Numpy modify ndarray diagonal

Question

is there any way in numpy to get a reference to the array diagonal? I want my array diagonal to be divided by a certain factor Thanks

Answer 1

If X is your array and c is the factor,

X[np.diag_indices_from(X)] /= c

See diag_indices_from in the Numpy manual.

Answer 2

A quick way to access the diagonal of a square (n,n) numpy array is with arr.flat[::n+1]:

n = 1000
c = 20
a = np.random.rand(n,n)

a[np.diag_indices_from(a)] /= c # 119 microseconds
a.flat[::n+1] /= c # 25.3 microseconds

Answer 3

The np.fill_diagonal function is quite fast:

np.fill_diagonal(a, a.diagonal() / c)

where a is your array and c is your factor.

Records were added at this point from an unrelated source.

Theorem theorem4 (R : realType) (n : nat)
  (f : 'rV[R]_n -> R) (gradf : 'rV[R]_n -> 'rV[R]_n)
  (Psi : 'rV[R]_n -> \bar R) (L omega Fstar : R)
  (hL : 0 < L) (homega : 0 < omega)
  (hdiff : forall x, differentiable f x /\ forall v, 'd f x v = dotv (gradf x) v)
  (hlip : forall x y, x \in dom Psi -> y \in dom Psi ->
            norm2 (gradf x - gradf y) <= L * norm2 (x - y))
  (hproper : proper_fun Psi) (hconvex : convex_fun Psi) (hclosed : closed_fun Psi)
  (hFstar_att : exists xs, ((f xs)%:E + Psi xs = Fstar%:E)%E)
  (hFstar_min : forall x, (Fstar%:E <= (f x)%:E + Psi x)%E)
  (hdom : forall x y, x \in dom Psi -> is_TL Psi gradf L x y ->
     ((Num.sqrt (2 * omega))%:E * ((f y)%:E + Psi y - Fstar%:E)
        <= (norm2 (GL L x y))%:E)%E)
  (xk : nat -> 'rV[R]_n)
  (hx0 : xk 0%N \in dom Psi)
  (hstep : forall k, is_TL Psi gradf L (xk k) (xk k.+1)) :
  forall k : nat,
    ((f (xk k))%:E + Psi (xk k) - Fstar%:E
      <= maxe (if k == 0%N then +oo else (4 * L / (omega * k%:R))%:E)
              (((Num.sqrt 2 / 2) ^+ k)%:E * ((f (xk 0%N))%:E + Psi (xk 0%N) - Fstar%:E)))%E.
Proof.
have [Psi_gtNy _] := hproper.
have fin k : Psi (xk k) \is a fin_num.
  elim: k => [|k IHk]; first exact/(in_dom_fin_num Psi_gtNy).
  exact: (is_TL_fin_num hL Psi_gtNy IHk (hstep k)).
pose r k := f (xk k) + fine (Psi (xk k)) - Fstar.
have gapE k : ((f (xk k))%:E + Psi (xk k) - Fstar%:E)%E = (r k)%:E.
  by rewrite -(fineK (fin k)) -EFinN -!EFinD.
have r_ge0 k : 0 <= r k.
  by have := hFstar_min (xk k); rewrite -(fineK (fin k)) -EFinD lee_fin /r; lra.
have r_decr k : r k.+1 + omega / L * r k.+1 ^+ 2 <= r k.
  have := is_TL_decrease hL hdiff hlip Psi_gtNy hconvex (fin k) (hstep k).
  have := hdom _ _ ((in_dom_fin_num Psi_gtNy _).2 (fin k)) (hstep k).
  rewrite gapE -EFinM lee_fin => /(gradient_mapping_dominance hL homega (r_ge0 k.+1)).
  by rewrite /r; lra.
move=> k; rewrite !gapE.
have [->|k_neq0] := eqVneq k 0%N; first by rewrite le_max leey.
rewrite -EFinM le_max !lee_fin.
have k_gt0 : (0 < k)%N by rewrite lt0n.
have [rk|->] := sufficient_decrease_rate (divr_gt0 homega hL) r_ge0 r_decr k k_gt0;
  last by rewrite orbT.
suff -> : 4 * L / (omega * k%:R) = 4 / (omega / L * k%:R) by rewrite rk.
by field; rewrite pnatr_eq0 k_neq0 !gt_eqF.
Qed.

On my machine, this method was as fast as @kwgoodman's a.flat[::n+1] /= c method, and in my opinion a bit clearer (but not as slick).

Answer 4

Comparing the above 3 methods:

import numpy as np
import timeit

n = 1000
c = 20
a = np.random.rand(n,n)
a1 = a.copy()
a2 = a.copy()
a3 = a.copy()

t1 = np.zeros(1000)
t2 = np.zeros(1000)
t3 = np.zeros(1000)

for i in range(1000):
    start = timeit.default_timer()
    a1[np.diag_indices_from(a1)] /= c 
    stop = timeit.default_timer()
    t1[i] = start-stop

    start = timeit.default_timer()
    a2.flat[::n+1] /= c
    stop = timeit.default_timer()
    t2[i] = start-stop

    start = timeit.default_timer()
    np.fill_diagonal(a3,a3.diagonal() / c)
    stop = timeit.default_timer()
    t3[i] = start-stop

print([t1.mean(), t1.std()])
print([t2.mean(), t2.std()])
print([t3.mean(), t3.std()])

[-4.5693619907979154e-05, 9.3142851395411316e-06]
[-2.338075107036275e-05, 6.7119609571872443e-06]
[-2.3731951987429056e-05, 8.0455946813059586e-06]

So you can see that the np.flat method is the fastest but marginally. When I ran this for a few more times there were times when the fill_diagonal method was slightly faster. But readability wise its probably worth using the fill_diagonal method.